Oliver Luksic, a deputy of the Free Democratic party in the Bundestag, wrote on Twitter: "The terroristic Hamas now references the German foreign minister Sigmar Gabriel. The German bashing of Israel is intolerable."
 
Aras-Nathan Keul, an executive board member of the youth organization of the German-Israel friendship society, wrote on his Twitter feed: "The German foreign minister Sigmar Gabriel receives applause from the terror organization Hamas. He can easily change that when he apologizes for the apartheid comparison against Israel and explains why this [the comparison] is false."
 
Prominent German-Jewish activist Malca Goldstein-Wolf wrote in a December public letter to Gabriel that he was “providing further ammunition to youths who were fed antisemitism with their mothers’ milk."
 
Arsen Ostrovsky, the executive director of The Israeli-Jewish Congress (IJC), wrote on on Twitter: "He's done it again! German FM Sigmar Gabriel reiterates [his] outrageous comparison of Israel as 'apartheid regime.' How long will Merkel tolerate this?"

Gabriel, who frequently boasts about his anti-fascist credentials because he rejected his father's hardcore Nazism, has been engulfed in a number of anti-Jewish and anti-Israel scandals, say his critics.

 
“There are two central narratives to Jewish history in the 20th century – the Holocaust and the establishment of the State of Israel. Sigmar Gabriel has already tried to undermine the core of each of them,” Dr. Efraim Zuroff, head of the Jerusalem Office of the Simon Wiesenthal Center, told the Post in December.
“By falsely claiming that Israel is an ‘apartheid state,’ he denies its democratic basis, which is a central tenet of Israeli statehood since its establishment, and legitimizes unjust attacks on the Jewish state for sins committed on a regular basis by all its neighbors but not by Israel,” he said.

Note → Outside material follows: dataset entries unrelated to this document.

(* Let $R$ and $S$ be commutative rings with identity, $f:R\to S$ a ring homomorphism, and $J$ a nonzero proper ideal of $S$. Suppose $R$ is compactly packed. Then for any family $\{\mathfrak{p}_\alpha\}_{\alpha\in\Lambda}$ of prime ideals of $R$, the subset $\{\mathfrak{p}_\alpha^{\prime_f}\}_{\alpha\in\Lambda}$ of $\operatorname{Spec}(R\bowtie^f J)$ is compactly packed.
   Context: $R\bowtie^f J:=\{(r,f(r)+j)\mid r\in R,\ j\in J\}$, a subring of $R\times S$. For a prime ideal $\mathfrak{p}$ of $R$, $\mathfrak{p}^{\prime_f}:=\{(p,f(p)+j)\mid p\in\mathfrak{p},\ j\in J\}$, which is a prime ideal of $R\bowtie^f J$. For a commutative ring $A$, a subset $X\subseteq\operatorname{Spec}(A)$ is compactly packed if whenever an ideal $I$ of $A$ is contained in the union of a family $\{\mathfrak{p}_i\}_i$ of elements of $X$, then $I\subseteq\mathfrak{p}_i$ for some $i$; $A$ is compactly packed if $\operatorname{Spec}(A)$ is compactly packed. *)

From HB Require Import structures.
From mathcomp Require Import all_boot all_order all_algebra.
Set Implicit Arguments. Unset Strict Implicit. Unset Printing Implicit Defensive.
Import GRing.Theory.
Local Open Scope ring_scope.

Definition is_ideal (R : comPzRingType) (I : R -> Prop) : Prop :=
  [/\ I 0, (forall x y, I x -> I y -> I (x + y)) & (forall r x, I x -> I (r * x))].

Definition is_prime_ideal (R : comPzRingType) (P : R -> Prop) : Prop :=
  [/\ is_ideal P, ~ P 1 & (forall x y, P (x * y) -> P x \/ P y)].

(* Amalgamation R ⋈^f J = {(r, f r + j) | r in R, j in J}, as a subset of R x S
   (a subring of the product ring, with componentwise operations). *)
Definition amalg (R S : comPzRingType) (f : {rmorphism R -> S}) (J : S -> Prop)
  : R * S -> Prop :=
  fun x => exists r j, J j /\ x = (r, f r + j).

Definition pmul (R S : comPzRingType) (x y : R * S) : R * S := (x.1 * y.1, x.2 * y.2).
Definition padd (R S : comPzRingType) (x y : R * S) : R * S := (x.1 + y.1, x.2 + y.2).

Definition is_amalg_ideal (R S : comPzRingType) (f : {rmorphism R -> S})
  (J : S -> Prop) (I : R * S -> Prop) : Prop :=
  [/\ (forall x, I x -> amalg f J x), I (0, 0),
      (forall x y, I x -> I y -> I (padd x y))
    & (forall a x, amalg f J a -> I x -> I (pmul a x))].

Definition prime_lift (R S : comPzRingType) (f : {rmorphism R -> S})
  (J : S -> Prop) (P : R -> Prop) : R * S -> Prop :=
  fun x => exists p j, [/\ P p, J j & x = (p, f p + j)].

Definition compactly_packed_set (T : Type) (isIdeal : (T -> Prop) -> Prop)
  (X : (T -> Prop) -> Prop) : Prop :=
  forall (I : T -> Prop), isIdeal I ->
  forall (Idx : Type) (q : Idx -> T -> Prop),
    (forall i, X (q i)) ->
    (forall x, I x -> exists i, q i x) ->
    exists i, forall x, I x -> q i x.

Definition compactly_packed_ring (R : comPzRingType) : Prop :=
  compactly_packed_set (@is_ideal R) (@is_prime_ideal R).

(* An ideal I of R ⋈^f J lies in the lift p^{'_f} exactly when its first
   projection π(I) = {r | (r, s) ∈ I for some s} lies in p, because p^{'_f}
   consists of the elements of R ⋈^f J whose first coordinate is in p.  So a
   covering of I by lifts projects to a covering of the ideal π(I) of R by the
   primes themselves, and compact packedness of R returns a single prime
   containing π(I). *)
From mathcomp Require Import all_boot all_order all_algebra.
Local Open Scope ring_scope.
Import GRing.Theory.

Set Implicit Arguments.

Lemma compactly_packed_setS (T : Type) (isIdeal : (T -> Prop) -> Prop)
    (X Y : (T -> Prop) -> Prop) :
  (forall P, X P -> Y P) ->
  compactly_packed_set isIdeal Y -> compactly_packed_set isIdeal X.
Proof.
move=> XY packedY I HI Idx q Xq cover.
exact: packedY HI Idx q (fun i => XY _ (Xq i)) cover.
Qed.

Definition fst_image (A B : Type) (I : A * B -> Prop) : A -> Prop :=
  fun a => exists b, I (a, b).

Section Amalgamation.

Variables (R S : comPzRingType) (f : {rmorphism R -> S}) (J : S -> Prop).

Lemma prime_liftE (P : R -> Prop) (x : R * S) :
  prime_lift f J P x <-> amalg f J x /\ P x.1.
Proof.
split.
- by move=> [r [j [Pr Jj ->]]]; split=> //; exists r, j.
- by move=> [[r [j [Jj ->]]] Pr]; exists r, j.
Qed.

Lemma amalg_diag (r : R) : J 0 -> amalg f J (r, f r).
Proof. by move=> J0; exists r, 0; rewrite addr0. Qed.

Lemma fst_image_amalg_ideal (I : R * S -> Prop) :
  is_ideal J -> is_amalg_ideal f J I -> is_ideal (fst_image I).
Proof.
move=> [J0 _ _] [_ I0 Iadd Imul]; split; first by exists 0.
- by move=> a b [s Is] [t It]; exists (s + t); apply: Iadd Is It.
- by move=> r a [s Is]; exists (f r * s); apply: Imul (amalg_diag r J0) Is.
Qed.

Lemma compactly_packed_prime_lift (X : (R -> Prop) -> Prop) :
  is_ideal J -> compactly_packed_set (@is_ideal R) X ->
  compactly_packed_set (is_amalg_ideal f J)
    (fun Q => exists2 P, X P & forall x, Q x <-> prime_lift f J P x).
Proof.
move=> idealJ packedX I idealI Idx q Xq cover.
have [I_amalg _ _ _] := idealI.
pose Idx' := {iP : Idx * (R -> Prop) |
  X iP.2 /\ forall x, q iP.1 x <-> prime_lift f J iP.2 x}.
have cover' : forall r, fst_image I r -> exists k : Idx', (sval k).2 r.
  move=> r [s Irs]; have [i qi] := cover _ Irs.
  have [P XP qP] := Xq i.
  have [_ Pr] := (prime_liftE P (r, s)).1 ((qP _).1 qi).
  by exists (exist _ (i, P) (conj XP qP)).
have [[[i P] [_ qP]] /= sub] :=
  packedX _ (fst_image_amalg_ideal idealJ idealI) Idx' _
    (fun k => (svalP k).1) cover'.
exists i => -[r s] Irs; apply/qP/prime_liftE.
by split; [exact: I_amalg | apply: sub; exists s].
Qed.

End Amalgamation.

Theorem proposition4p3 (R S : comPzRingType) (f : {rmorphism R -> S})
  (J : S -> Prop) (HJ : is_ideal J) (HJnz : exists j, J j /\ j <> 0)
  (HJprop : ~ J 1) (HR : compactly_packed_ring R)
  (Lambda : Type) (p : Lambda -> R -> Prop)
  (Hp : forall a, is_prime_ideal (p a)) :
  compactly_packed_set (is_amalg_ideal f J)
    (fun Q => exists a, forall x, Q x <-> prime_lift f J (p a) x).
Proof.
pose family := fun P : R -> Prop => exists a, P = p a.
have packed_family : compactly_packed_set (@is_ideal R) family.
  by apply: compactly_packed_setS HR => _ [a ->]; exact: Hp.
apply: compactly_packed_setS (compactly_packed_prime_lift HJ packed_family).
by move=> Q [a Qa]; exists (p a); first by exists a.
Qed.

Zuroff, the organization’s chief Nazi hunter, added, “In the past, Gabriel claimed that Social Democrats suffered the same fate as Jews during the Third Reich, a ridiculous assertion with no basis in fact, that undermines the uniqueness of the Holocaust and falsely relativizes the uniquely horrific fate of European Jewry at the hands of the Nazis and their helpers.”
The German foreign ministry said Gabriel sent a clear message against antisemitism and that “antisemitism has no place in Germany.”